Let's give an example for a large number, for example 341. Its row looks like this:
341 – 1024 – 512 – 256 – 128 – 64 – 32 – 16 – 8 – 4 – 2 – 1.
He had only one non-even and all even numbers, which is why this series is remarkable. However, they can be depicted both in the form of graphs and in the form of trees, showing how one of the numbers is connected with the next in its sequence, creating a graph.
And if the hypothesis is correct, then any number should be in this huge graph, consisting of an infinite number of "streams" forming 4-2-1 cycles in one stream.

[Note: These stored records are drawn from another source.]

Lemma num_value_intervals_rcons_lt (s : seq nat) (x : nat) :
  uniq (rcons s x) -> 2 <= size s -> ~~ sorted ltn s -> ~~ sorted gtn s ->
  num_value_intervals (rcons s x) < num_value_intervals s + size s.
Proof.
move=> U s2 nI nD; have := num_value_intervals_rcons x s2.
have last_le := sum_bool_le (fun p : 'I_(size s) => value_interval (rcons s x) p (size s)).
case: (boolP [exists p : 'I_(size s), (0 < p) && ~~ value_interval (rcons s x) p (size s)]).
  case/existsP=> p /andP[_ bad_p].
  by have := sum_bool_lt (F := fun p => value_interval (rcons s x) p (size s)) bad_p; lia.
move/existsPn=> all_good.
suff bad_full : ~~ value_interval (rcons s x) 0 (size s).-1 by rewrite bad_full; lia.
apply/negP => full; suff : sorted ltn s || sorted gtn s by rewrite (negbTE nI) (negbTE nD).
apply: monotone_of_value_intervals_rcons U full _ => p /andP[p0 ps].
by have := all_good (Ordinal ps); rewrite p0 /= negbK.
Qed.

Lemma value_interval_rev (s : seq nat) p q : p <= q < size s ->
  value_interval (rev s) p q = value_interval s (size s - q.+1) (size s - p.+1).
Proof.
move=> pq; have nth_revK k : k < size s -> nth 0 (rev s) (size s - k.+1) = nth 0 s k.
  by move=> kz; rewrite nth_rev; [congr nth; lia | lia].
apply/value_intervalP/value_intervalP; rewrite size_rev => H j a b jz az bz ai bi ajb.
  have := H (size s - j.+1) (size s - a.+1) (size s - b.+1); rewrite !nth_revK //; lia.
have := H (size s - j.+1) (size s - a.+1) (size s - b.+1); rewrite -!nth_rev //; lia.
Qed.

There is an interesting visualization of such a graph, which uses an algorithm that on non—even numbers, it rotates clockwise at the selected angle, and counterclockwise on even numbers.
As a result, an interesting curved structure is obtained, more often in one direction. Resembling coral, algae or a tree in the wind. But this is only for a small number of numbers, for huge arrays, changing the angles of rotation, you can create huge and dazzlingly beautiful figures, as if generated by nature.

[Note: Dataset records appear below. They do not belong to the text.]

(* Let $\rho$ be a two-qubit state whose reduced state on qubit $A$ is maximally mixed, i.e. $\vec{x}=0$ where $x_i=\mathrm{Tr}[\rho(\sigma_i\otimes\mathbb{1})]$. Let $y_j=\mathrm{Tr}[\rho(\mathbb{1}\otimes\sigma_j)]$, $T_{ij}=\mathrm{Tr}[\rho(\sigma_i\otimes\sigma_j)]$ and $Y=\vec{y}^{\,T}\vec{y}$ (the $3\times 3$ matrix with entries $y_iy_j$). Then $$G(\rho)=\tfrac14\big[|\vec{y}|^2+\|T\|^2-\kappa\big],$$ where $\|T\|^2=\sum_{i,j}T_{ij}^2$ and $\kappa$ is the largest eigenvalue of $T^TT+Y$.
   Context: $\sigma_i$ are the Pauli matrices. The Hilbert–Schmidt distance is $D(M,N)=\sqrt{\mathrm{Tr}[(M-N)(M-N)^\dagger]}$. For unit vectors $\vec{k},\vec{\ell}\in\mathbb{R}^3$ let $\Pi^A_\pm=\frac12(\mathbb{1}\pm\vec{k}\cdot\vec{\sigma})$, $\Pi^B_\pm=\frac12(\mathbb{1}\pm\vec{\ell}\cdot\vec{\sigma})$, and $\chi_{\vec{k},\vec{\ell}}=\sum_{i,j=\pm}(\Pi^A_i\otimes\Pi^B_j)\rho(\Pi^A_i\otimes\Pi^B_j)$. The symmetric geometric measure is $G(\rho)=\min_{\vec{k},\vec{\ell}}D^2(\rho,\chi_{\vec{k},\vec{\ell}})$ over unit vectors. *)

From HB Require Import structures.
From mathcomp Require Import all_boot all_order all_algebra.
From mathcomp Require Import complex mxtens.
Set Implicit Arguments. Unset Strict Implicit. Unset Printing Implicit Defensive.
Import Order.TTheory GRing.Theory Num.Theory.
Local Open Scope ring_scope.

Section QubitDefs.
Variable R : rcfType.
Local Notation C := (R[i]).

Definition adjmx m n (A : 'M[C]_(m, n)) : 'M[C]_(n, m) := (map_mx (@conjc R) A)^T.

(* Pauli matrices sigma_1, sigma_2, sigma_3 (indices 0,1,2) *)
Definition pauli (k : 'I_3) : 'M[C]_2 :=
  \matrix_(a < 2, b < 2)
    (if k == 0 :> nat then (if a == b then 0 else 1)
     else if k == 1 :> nat then
       (if a == b then 0 else if a == 0 :> nat then - 'i%C else 'i%C)
     else (if a == b then (if a == 0 :> nat then 1 else -1) else 0)).

Definition density_matrix (rho : 'M[C]_4) : Prop :=
  [/\ adjmx rho = rho,
      forall v : 'cV[C]_4, 0 <= (adjmx v *m rho *m v) 0 0
    & \tr rho = 1].

Definition xvec (rho : 'M[C]_4) : 'rV[R]_3 :=
  \row_i complex.Re (\tr (rho *m (pauli i *t (1%:M : 'M[C]_2)))).
Definition yvec (rho : 'M[C]_4) : 'rV[R]_3 :=
  \row_j complex.Re (\tr (rho *m ((1%:M : 'M[C]_2) *t pauli j))).
Definition Tmat (rho : 'M[C]_4) : 'M[R]_3 :=
  \matrix_(i, j) complex.Re (\tr (rho *m (pauli i *t pauli j))).

Definition unit_vec (k : 'rV[R]_3) : Prop := \sum_i k 0 i ^+ 2 = 1.

Definition projk (b : bool) (k : 'rV[R]_3) : 'M[C]_2 :=
  (2%:R)^-1 *: (1%:M + (if b then 1 else -1) *: \sum_i (k 0 i)%:C%C *: pauli i).

Definition chi (rho : 'M[C]_4) (k l : 'rV[R]_3) : 'M[C]_4 :=
  \sum_(a : bool) \sum_(b : bool)
    ((projk a k *t projk b l) *m rho *m (projk a k *t projk b l)).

The hypothesis seems to be incorrect only in 2 cases:
1. If a number is found that will give infinity in the algorithm, that is, for some unknown reason, this "force of attraction" to 4-2-1 should not act on it;
2. Somewhere there is a sequence that would form its own closed loop, and all the numbers in it should be outside the main graph.

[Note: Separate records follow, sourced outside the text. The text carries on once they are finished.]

(* Let $k$ be a field, $n\ge1$, and let $Q_H$ be the quiver with vertices $x_1,\ldots,x_{n+1},y_1,\ldots,y_n$ and arrows $r_i:x_i\to y_i$, $l_i:y_i\to x_{i+1}$, $a_i:x_i\to x_{i+1}$ ($i=1,\ldots,n$); put $A_i=r_il_i$. Let $1=c_1<c_2<\cdots<c_{s+1}=n+1$ with $n_k:=c_{k+1}-c_k\ge2$ for all $k=1,\ldots,s$. For $1\le k\le s$ and $1\le i\le n_k$ write $a^k_i=a_{c_k+i-1}$, $A^k_i=A_{c_k+i-1}$ and $W^k=a^k_1\cdots a^k_{n_k}+A^k_1\cdots A^k_{n_k}$. Let $\varphi^k_i:kQ_H\to kQ_H$ be the algebra automorphism with $\varphi^k_i(a^k_i)=a^k_i+A^k_i$ and fixing all other arrows and all stationary paths; let $\bar\gamma^k=\varphi^k_{n_k}\circ\cdots\circ\varphi^k_1$ and $\bar\gamma=\bar\gamma^s\circ\cdots\circ\bar\gamma^1$. Then for each $k$, $$\bar\gamma(W^k)=a^k_1\cdots a^k_{n_k}+\sum_{i=1}^{n_k}a^k_1\cdots a^k_{i-1}A^k_ia^k_{i+1}\cdots a^k_{n_k}+\Gamma_k,$$ where $\Gamma_k$ is a sum of terms each of which is a scalar multiple of a path containing at least two of the factors $A^k_1,\ldots,A^k_{n_k}$.
   Context: $kQ_H$ is the path algebra of $Q_H$ over $k$; an expression like $a^k_1\cdots A^k_i\cdots a^k_{n_k}$ denotes the path obtained by concatenation. *)

From HB Require Import structures.
From mathcomp Require Import all_boot all_order all_algebra.
Set Implicit Arguments. Unset Strict Implicit. Unset Printing Implicit Defensive.
Import GRing.Theory.
Local Open Scope ring_scope.

Inductive vertex := X of nat | Y of nat.
Definition vertex_code (v : vertex) : bool * nat :=
  match v with X i => (false, i) | Y i => (true, i) end.
Definition vertex_decode (p : bool * nat) : vertex :=
  if p.1 then Y p.2 else X p.2.
Lemma vertex_codeK : cancel vertex_code vertex_decode. Proof. by case. Qed.
HB.instance Definition _ := Equality.copy vertex (can_type vertex_codeK).

Inductive arrow := r_ of nat | l_ of nat | a_ of nat.
Definition arrow_code (e : arrow) : nat * nat :=
  match e with r_ i => (0, i) | l_ i => (1, i) | a_ i => (2, i) end%N.
Definition arrow_decode (p : nat * nat) : arrow :=
  match p.1 with 0 => r_ p.2 | 1 => l_ p.2 | _ => a_ p.2 end%N.
Lemma arrow_codeK : cancel arrow_code arrow_decode. Proof. by case. Qed.
HB.instance Definition _ := Equality.copy arrow (can_type arrow_codeK).

Definition src (e : arrow) : vertex :=
  match e with r_ i => X i | l_ i => Y i | a_ i => X i end.
Definition tgt (e : arrow) : vertex :=
  match e with r_ i => Y i | l_ i => X i.+1 | a_ i => X i.+1 end.

(* A path: a start vertex and a (composable) list of arrows, concatenated
   left to right; the empty list gives the stationary path at the vertex. *)
Record path := Path { pstart : vertex; parrs : seq arrow }.
Definition path_code (p : path) := (pstart p, parrs p).
Definition path_decode (q : vertex * seq arrow) := Path q.1 q.2.
Lemma path_codeK : cancel path_code path_decode. Proof. by case. Qed.
HB.instance Definition _ := Equality.copy path (can_type path_codeK).

Definition pend (p : path) : vertex := foldl (fun _ e => tgt e) (pstart p) (parrs p).
Definition pcat (p q : path) : path := Path (pstart p) (parrs p ++ parrs q).

Section PathAlgebra.
Variable K : fieldType.

Definition fsum := seq (K * path).

(* the coefficient of the path p; two formal sums denote the same element of
   kQ_H iff their coefficient functions agree *)
Definition coef (f : fsum) (p : path) : K := \sum_(t <- f | t.2 == p) t.1.

Definition fscale (c : K) (f : fsum) : fsum := [seq (c * t.1, t.2) | t <- f].

Definition fmul (f g : fsum) : fsum :=
  flatten [seq [seq (t.1 * u.1, pcat t.2 u.2) | u <- g & pend t.2 == pstart u.2]
          | t <- f].

Definition vtx (v : vertex) : fsum := [:: (1, Path v [::])].
Definition arr (e : arrow) : fsum := [:: (1, Path (src e) [:: e])].

Definition fprod (s : seq fsum) : fsum :=
  if s is f :: s' then foldl fmul f s' else [::].

Definition subst_path (F : arrow -> fsum) (p : path) : fsum :=
  foldl (fun acc e => fmul acc (F e)) (vtx (pstart p)) (parrs p).
Definition subst (F : arrow -> fsum) (f : fsum) : fsum :=
  flatten [seq fscale t.1 (subst_path F t.2) | t <- f].

Definition AA (i : nat) : fsum := fmul (arr (r_ i)) (arr (l_ i)).

Definition phi (j : nat) : fsum -> fsum :=
  subst (fun e => if e == a_ j then arr (a_ j) ++ AA j else arr e).

Definition nk (c : nat -> nat) (k : nat) : nat := (c k.+1 - c k)%N.
Definition idx (c : nat -> nat) (k i : nat) : nat := (c k + i - 1)%N.

Definition gammak (c : nat -> nat) (k : nat) (f : fsum) : fsum :=
  foldl (fun g i => phi (idx c k i) g) f (iota 1 (nk c k)).
Definition gamma (c : nat -> nat) (s : nat) (f : fsum) : fsum :=
  foldl (fun g k => gammak c k g) f (iota 1 s).

Definition apath (c : nat -> nat) (k : nat) : fsum :=
  fprod [seq arr (a_ (idx c k i)) | i <- iota 1 (nk c k)].
Definition Apath (c : nat -> nat) (k : nat) : fsum :=
  fprod [seq AA (idx c k i) | i <- iota 1 (nk c k)].
Definition W (c : nat -> nat) (k : nat) : fsum := apath c k ++ Apath c k.
Definition single_terms (c : nat -> nat) (k : nat) : fsum :=
  flatten [seq fprod [seq (if j == i then AA (idx c k j) else arr (a_ (idx c k j)))
                     | j <- iota 1 (nk c k)]
          | i <- iota 1 (nk c k)].

End PathAlgebra.

Definition has_factor (c : nat -> nat) (k i : nat) (p : path) : bool :=
  infix [:: r_ (idx c k i); l_ (idx c k i)] (parrs p).

Definition two_factors (c : nat -> nat) (k : nat) (p : path) : Prop :=
  exists i1 i2 : nat, [/\ (1 <= i1)%N, (i1 < i2)%N, (i2 <= nk c k)%N,
                         has_factor c k i1 p & has_factor c k i2 p].

From Pilot Require Import Defs.
From mathcomp Require Import all_boot all_order all_algebra.
From mathcomp Require Import zify.
Set Implicit Arguments. Unset Strict Implicit. Unset Printing Implicit Defensive.
Import GRing.Theory.
Local Open Scope ring_scope.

However, none of these options has been found yet, although all numbers up to 2 to the 68th power have already been checked by a simple search, which equals 295,147,905,179,352,825,856 numbers. It is known for sure that all the numbers from these values come to the 4-2-1 cycle. Moreover, based on these data, it is calculated that even if there is such a special data cycle, it should consist of at least 186 billion numbers. And it turns out that all the works indicate that the hypothesis is true, but still does not prove it.
Another way was also chosen. A scattering graph was constructed by taking the numbers themselves on one axis and the values on the other. If it can be proved that in any sequence of the algorithm there is a number smaller than the original one, it is possible to confirm the Collatz hypothesis. But any initial number is reduced to a smaller number, which in its own sequence will lead to a number even smaller, etc., up to 1.
That is, the only possible outcome for this particular case is the 4-2-1 cycle, but it has not yet been possible to prove this.
Although in 1976, Riho Terras showed that almost all sequences include values below the original one. In 1979, it was shown that the values would be less than the original ones by these values raised to the power of 0.869. Later, in 1994, the degree became more precise – 0.7925. Here, almost all the numbers mean that when the initial values tend to infinity, the proportion of the limiting function tends to 1. In 2019, mathematician Terry Tao was able to prove that this algorithm obeys even stricter restrictions.
He managed to show that all numbers will be less than the values of the function at any point, provided that the limit of the function, when the variable tends to infinity, will be equal to infinity. In this case, the function can grow arbitrarily slowly, the same logarithm, or logarithm logarithm, or logarithm logarithm, etc. This allows us to assert that arbitrarily small numbers exist in the series of any initial number. And as it was said in 2020, only a direct proof of the hypothesis can be better than this.